How do terrestrial planets like Earth form and evolve to enable life to exist? This is what a recent study published in Nature hopes to address as a pair of scientists from the Southwest Research Institute (SwRI) and Yale University investigated the geophysical and chemical processes responsible for the formation and evolution of terrestrial planets. This study has the potential to help scientists better understand the mechanisms for how life as we know it could evolve on worlds like Earth.
For the study, the researchers used computer models to examine how the final 1 percent of a planet’s formation could play an enormous role in determining if a terrestrial planet could host life as we know it, as seen on Earth. The team specifically focused on late accretion, with accretion being the process of rocks and dust clumping together to form a planetary body. In the end, the determined that late accretion changes, specifically impacts, play a significant role in determining the outcome of a terrestrial planet, including atmosphere, surface characteristics, plate tectonics, and water content.

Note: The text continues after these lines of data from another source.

(* Let $m$ inputs have sizes $w_1,\dots,w_m$, each at most $\frac{q}{2}$, with $s=\sum_{i} w_i$, where $q$ is the reducer capacity. Consider the following algorithm: pack the inputs into bins of capacity $\frac{q}{2}$ using First-Fit Decreasing (or Best-Fit Decreasing); if $x$ bins are obtained, create $\frac{x(x-1)}{2}$ reducers, one for each unordered pair of distinct bins, and assign to it all inputs of both bins. The resulting A2A mapping schema uses at most $\frac{8s^2}{q^2}$ reducers and has communication cost at most $\frac{4s^2}{q}$.
   Context: An A2A mapping schema for inputs with sizes $w_1,\dots,w_m$ and reducer capacity $q$ is an assignment of the inputs to a collection of reducers (each input may go to several reducers) such that every reducer receives inputs of total size at most $q$ and every pair of distinct inputs is assigned together to at least one reducer. The communication cost is the sum over reducers of the total size of the inputs assigned to it. *)

From mathcomp Require Import all_boot all_order all_algebra.
Set Implicit Arguments. Unset Strict Implicit. Unset Printing Implicit Defensive.
Import Order.TTheory GRing.Theory Num.Theory.
Local Open Scope ring_scope.

(* Inputs are indexed by 'I_m, with sizes w : 'I_m -> R.
   A bin (and a reducer) is a list of input indices. *)

Definition load (R : realFieldType) (m : nat) (w : 'I_m -> R)
  (b : seq 'I_m) : R := \sum_(i <- b) w i.

Fixpoint ff_insert (R : realFieldType) (m : nat) (w : 'I_m -> R) (c : R)
  (i : 'I_m) (B : seq (seq 'I_m)) : seq (seq 'I_m) :=
  match B with
  | [::] => [:: [:: i]]
  | b :: B' => if load w b + w i <= c then rcons b i :: B'
               else b :: ff_insert w c i B'
  end.

(* Best Fit: put input i into a bin where it fits whose current load is
   maximal (least remaining space), ties broken by lowest index; otherwise
   open a new bin at the end. *)
Definition bf_insert (R : realFieldType) (m : nat) (w : 'I_m -> R) (c : R)
  (i : 'I_m) (B : seq (seq 'I_m)) : seq (seq 'I_m) :=
  let fits := [seq j <- iota 0 (size B) | load w (nth [::] B j) + w i <= c] in
  if fits is [::] then rcons B [:: i]
  else
    let best j := all (fun k => load w (nth [::] B k) <= load w (nth [::] B j)) fits in
    let j := nth 0%N fits (find best fits) in
    set_nth [::] B j (rcons (nth [::] B j) i).

Inductive fit_rule := FirstFit | BestFit.

(* With [ord] sorted by non-increasing
   size this is First-Fit Decreasing / Best-Fit Decreasing. *)
Definition pack (R : realFieldType) (m : nat) (rule : fit_rule) (c : R)
  (w : 'I_m -> R) (ord : seq 'I_m) : seq (seq 'I_m) :=
  foldl (fun B i => match rule with
                    | FirstFit => ff_insert w c i B
                    | BestFit => bf_insert w c i B
                    end) [::] ord.

Definition pair_reducers (m : nat) (B : seq (seq 'I_m)) : seq (seq 'I_m) :=
  [seq nth [::] B p.1 ++ nth [::] B p.2 |
     p <- [seq p <- [seq (j, k) | j <- iota 0 (size B), k <- iota 0 (size B)]
          | (p.1 < p.2)%N]].

Definition comm_cost (R : realFieldType) (m : nat) (w : 'I_m -> R)
  (reducers : seq (seq 'I_m)) : R :=
  \sum_(r <- reducers) load w r.

From mathcomp Require Import all_boot all_order all_algebra.
From mathcomp Require Import lra.
Import Order.TTheory GRing.Theory Num.Theory.
Set Implicit Arguments. Unset Strict Implicit.
Local Open Scope ring_scope.

(* Any online fit rule leaves the bins pairwise "overfull": two bins never
   fit together into one bin, since otherwise the later input that opened the
   second bin would have fitted into the first.  With x bins of capacity
   q/2 and total size s, summing this over the x(x-1)/2 pairs gives
   (x-1) s > (q/2) x(x-1)/2, i.e. q x < 4 s when x >= 2.  Every bin takes part
   in x-1 reducers, so the communication cost is exactly (x-1) s <= 4 s^2/q,
   and there are x(x-1)/2 <= x^2/2 <= 8 s^2/q^2 reducers. *)

Lemma sum_pairs (V : nmodType) (L : nat -> V) (x : nat) :
  \sum_(j < x) \sum_(k < x | (j < k)%N) (L j + L k) = (\sum_(j < x) L j) *+ x.-1.
Proof.
under eq_bigr => j _ do rewrite big_split; rewrite big_split /=.
rewrite [X in _ + X](exchange_big_dep xpredT) //= -big_split -sumrMnl.
apply: eq_bigr => j _; have -> : L j *+ x.-1 = \sum_(k < x | k != j) L j.
  by rewrite sumr_const cardC1 card_ord.
rewrite [RHS](bigID (fun k : 'I_x => (j < k)%N)) /=.
congr (_ + _); apply: eq_bigl => k.
  by rewrite andb_idl // => lt_jk; rewrite neq_ltn lt_jk orbT.
by rewrite -leqNgt neq_ltn; case: ltngtP.
Qed.

Section Bins.

Variables (R : realFieldType) (m : nat) (w : 'I_m -> R).
Implicit Types (B : seq (seq 'I_m)) (c : R) (i : 'I_m).

Definition bin_load B j := load w (nth [::] B j).

Definition total_load B := \sum_(j < size B) bin_load B j.

Definition pairwise_overfull c B :=
  forall j k, (j < k < size B)%N -> c < bin_load B j + bin_load B k.

Lemma load_rcons b i : load w (rcons b i) = load w b + w i.
Proof. by rewrite /load big_rcons. Qed.

Lemma bin_load_set_rcons B j i k :
  bin_load (set_nth [::] B j (rcons (nth [::] B j) i)) k =
  bin_load B k + (if k == j then w i else 0).
Proof.
rewrite /bin_load nth_set_nth /=; case: eqP => [->|_]; last by rewrite addr0.
by rewrite load_rcons.
Qed.

Lemma bin_load_rcons B b k :
  bin_load (rcons B b) k = if (k < size B)%N then bin_load B k
                           else if k == size B then load w b else 0.
Proof. by rewrite /bin_load nth_rcons; do !case: ifP => //; rewrite /load big_nil. Qed.

Variant insert_spec c i B : seq (seq 'I_m) -> Prop :=
  | InsertInto j of (j < size B)%N :
      insert_spec c i B (set_nth [::] B j (rcons (nth [::] B j) i))
  | InsertNew of (forall j, (j < size B)%N -> c < bin_load B j + w i) :
      insert_spec c i B (rcons B [:: i]).

Lemma ff_insertP c i B : insert_spec c i B (ff_insert w c i B).
Proof.
elim: B => [|b B IH] /=; first exact: InsertNew.
case: ifP => [_ | /negbT]; first exact: (@InsertInto _ _ _ 0).
rewrite -ltNge => overflow; case: IH => [j lt_j | full].
  exact: (@InsertInto _ _ _ j.+1).
by apply: InsertNew => -[|j] //= lt_j; apply: full.
Qed.

Lemma bf_insertP c i B : insert_spec c i B (bf_insert w c i B).
Proof.
rewrite /bf_insert; set fits := [seq j <- _ | _].
have fits_lt j : j \in fits -> (j < size B)%N by rewrite mem_filter mem_iota => /and3P[].
case fitsE: fits => [|f fs].
  apply: InsertNew => j lt_j; rewrite ltNge; apply/negP => fit_j.
  suff : j \in fits by rewrite fitsE.
  by rewrite mem_filter mem_iota fit_j lt_j.
(* Whether or not [find] locates a best bin, the chosen index lies in [fits]
   or is the default 0, and both are valid bins since [fits] is nonempty. *)
apply: InsertInto; rewrite -fitsE; set k := find _ _.
have [lt_k | ge_k] := ltnP k (size fits); first exact/fits_lt/mem_nth.
by rewrite nth_default //; apply: leq_ltn_trans (fits_lt f _); rewrite ?fitsE ?mem_head.
Qed.

Definition fit_insert rule c i B :=
  match rule with
  | FirstFit => ff_insert w c i B
  | BestFit => bf_insert w c i B
  end.

Lemma fit_insertP rule c i B : insert_spec c i B (fit_insert rule c i B).
Proof. by case: rule; [apply: ff_insertP | apply: bf_insertP]. Qed.

Hypothesis w_ge0 : forall i, 0 <= w i.

Lemma insert_overfull c i B B' :
  insert_spec c i B B' -> pairwise_overfull c B -> pairwise_overfull c B'.
Proof.
case=> [j lt_j | full] over k l /andP[lt_kl].
  rewrite size_set_nth (maxn_idPr lt_j) => lt_l.
  apply: lt_le_trans (over k l _) _; first by rewrite lt_kl.
  by rewrite !bin_load_set_rcons lerD // lerDl; case: ifP.
rewrite size_rcons ltnS leq_eqVlt => /orP[/eqP l_eq | lt_l].
  rewrite !bin_load_rcons -l_eq lt_kl ltnn eqxx /load big_seq1.
  by apply: full; rewrite -l_eq.
by rewrite !bin_load_rcons lt_l (ltn_trans lt_kl lt_l); apply: over; rewrite lt_kl.
Qed.

Lemma insert_total c i B B' :
  insert_spec c i B B' -> total_load B' = total_load B + w i.
Proof.
case=> [j lt_j | _]; rewrite /total_load.
  rewrite size_set_nth (maxn_idPr lt_j).
  under eq_bigr => k _ do rewrite bin_load_set_rcons.
  by rewrite big_split /= -big_mkcond [X in _ + X](big_pred1 (Ordinal lt_j)).
rewrite size_rcons big_ord_recr /= bin_load_rcons ltnn eqxx /load big_seq1.
by congr (_ + _); apply: eq_bigr => k _; rewrite bin_load_rcons ltn_ord.
Qed.

Lemma pack_overfull rule c ord : pairwise_overfull c (pack rule c w ord).
Proof.
rewrite /pack; have : pairwise_overfull c [::] by move=> j k /andP[].
elim: ord [::] => [|i ord IH] B //= over.
exact/IH/(insert_overfull (fit_insertP rule c i B)).
Qed.

Lemma pack_total rule c ord : total_load (pack rule c w ord) = \sum_(i <- ord) w i.
Proof.
suff foldl_total B : total_load (foldl (fun B i => fit_insert rule c i B) B ord) =
                     total_load B + \sum_(i <- ord) w i.
  by rewrite /pack foldl_total /total_load big_ord0 add0r.
elim: ord B => [|i ord IH] B /=; first by rewrite big_nil addr0.
by rewrite IH (insert_total (fit_insertP rule c i B)) big_cons addrA.
Qed.

Lemma overfull_size c B :
  pairwise_overfull c B -> (1 < size B)%N -> c * (size B)%:R <= 2 * total_load B.
Proof.
move=> over gt1_B; set x := size B.
have pair_bound : \sum_(j < x) \sum_(k < x | (j < k)%N) (c / 2 + c / 2) <=
                  \sum_(j < x) \sum_(k < x | (j < k)%N) (bin_load B j + bin_load B k).
  apply: ler_sum => j _; apply: ler_sum => k lt_jk; rewrite -splitr.
  by apply/ltW/over; rewrite lt_jk ltn_ord.
rewrite (sum_pairs (fun=> c / 2)) sum_pairs sumr_const card_ord in pair_bound.
move: pair_bound; rewrite lerMn2r -subn1 subn_eq0 leqNgt gt1_B /=.
by rewrite -/(total_load B) -mulr_natl; lra.
Qed.

End Bins.

Section PairReducers.

Variables (m : nat) (B : seq (seq 'I_m)).

Lemma big_pair_reducers (V : nmodType) (F : seq 'I_m -> V) :
  \sum_(r <- pair_reducers B) F r =
  \sum_(j < size B) \sum_(k < size B | (j < k)%N) F (nth [::] B j ++ nth [::] B k).
Proof.
rewrite /pair_reducers big_map big_filter big_mkcond big_allpairs /=.
have iotaE : iota 0 (size B) = index_iota 0 (size B) by rewrite /index_iota subn0.
rewrite iotaE big_mkord; apply: eq_bigr => j _.
by rewrite big_mkord [RHS]big_mkcond.
Qed.

Lemma double_size_pair_reducers : (size (pair_reducers B)).*2 = (size B * (size B).-1)%N.
Proof.
rewrite -[RHS]/(size B * (size B).-1) -sum1_size big_pair_reducers -mul2n big_distrr /=.
have := sum_pairs (fun _ => 1%N) (size B).
rewrite sumr_const card_ord natn -mulr_natr natn => <-.
by apply: eq_bigr => j _; rewrite big_distrr; apply: eq_bigr.
Qed.

Lemma comm_cost_pair_reducers (R : realFieldType) (w : 'I_m -> R) :
  comm_cost w (pair_reducers B) = total_load w B *+ (size B).-1.
Proof.
rewrite /comm_cost big_pair_reducers -sum_pairs.
by apply: eq_bigr => j _; apply: eq_bigr => k _; rewrite /load big_cat.
Qed.

End PairReducers.

Lemma pair_schema_bounds (R : realFieldType) (q s : R) (x n : nat) :
  0 < q -> 0 <= s -> n.*2 = (x * x.-1)%N ->
  ((1 < x)%N -> q / 2 * x%:R <= 2 * s) ->
  n%:R <= 8 * s ^+ 2 / q ^+ 2 /\ s *+ x.-1 <= 4 * s ^+ 2 / q.
Proof.
move=> q_gt0 s_ge0 n2 x_bound.
have [le1_x | gt1_x] := leqP x 1.
  have pred_x0 : x.-1 = 0%N by case: x le1_x {n2 x_bound} => [|[]].
  move/eqP: n2; rewrite pred_x0 muln0 double_eq0 => /eqP ->; rewrite mulr0n.
  by split; apply: divr_ge0; rewrite ?mulr_ge0 ?exprn_ge0 // ltW.
have {}x_bound := x_bound gt1_x.
have pred_x : x.-1%:R = x%:R - 1 :> R by rewrite -subn1 natrB // ltnW.
have {}n2 : n%:R * 2 = x%:R * (x%:R - 1) :> R.
  by rewrite -[2]/(2%:R : R) -natrM muln2 n2 natrM pred_x.
rewrite -[s *+ _]mulr_natr pred_x.
have x_ge2 : 2 <= x%:R :> R by rewrite (ler_nat R 2).
have qx_bound : q * x%:R <= 4 * s by lra.
split; rewrite ler_pdivlMr ?exprn_gt0 //.
  have : (q * x%:R) ^+ 2 <= (4 * s) ^+ 2 by rewrite lerXn2r // ?nnegrE ?mulr_ge0 // ltW.
  nra.
nra.
Qed.

Theorem theorem5 (R : realFieldType) (m : nat) (w : 'I_m -> R) (q : R)
  (rule : fit_rule) (ord : seq 'I_m) :
  0 < q ->
  (forall i, 0 < w i) ->
  (forall i, w i <= q / 2) ->
  perm_eq ord (enum 'I_m) ->
  sorted (fun i j => w j <= w i) ord ->
  let s := \sum_(i < m) w i in
  let reducers := pair_reducers (pack rule (q / 2) w ord) in
  (size reducers)%:R <= 8 * s ^+ 2 / q ^+ 2 /\
  comm_cost w reducers <= 4 * s ^+ 2 / q.
Proof.
move=> q_gt0 w_gt0 _ ord_perm _ s reducers.
have w_ge0 i : 0 <= w i by apply: ltW.
rewrite /reducers comm_cost_pair_reducers; set B := pack rule (q / 2) w ord.
have total_s : total_load w B = s by rewrite pack_total (perm_big _ ord_perm) big_enum.
rewrite total_s; apply: pair_schema_bounds => //.
- exact: sumr_ge0.
- exact: double_size_pair_reducers.
by move=> gt1_B; rewrite -total_s; apply: overfull_size gt1_B; apply: pack_overfull.
Qed.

Diagram depicting the evolution of Earth, Venus, and Mars. (Credit: Southwest Research Institute)
“Impact histories should play a critical role in the search for habitable exoplanets like Earth,” said Dr. Simone Marchi, who is a SwRI scientist and lead author of the study. “The habitability of a rocky planet depends on the nature of its atmosphere, which is tied to plate tectonics and mantle outgassing. The search for Earth’s twin might focus on rocky planets with similar bulk properties — mass, radius and habitable zone location — as well as a comparable collision history.”
The team emphasized how large impacts could play the largest role in determining a planet’s evolution and whether life as we know it could exist there.
What new discoveries about terrestrial planet formation and evolution will researchers make in the coming years and decades? Only time will tell, and this is why we science!
As always, keep doing science & keep looking up!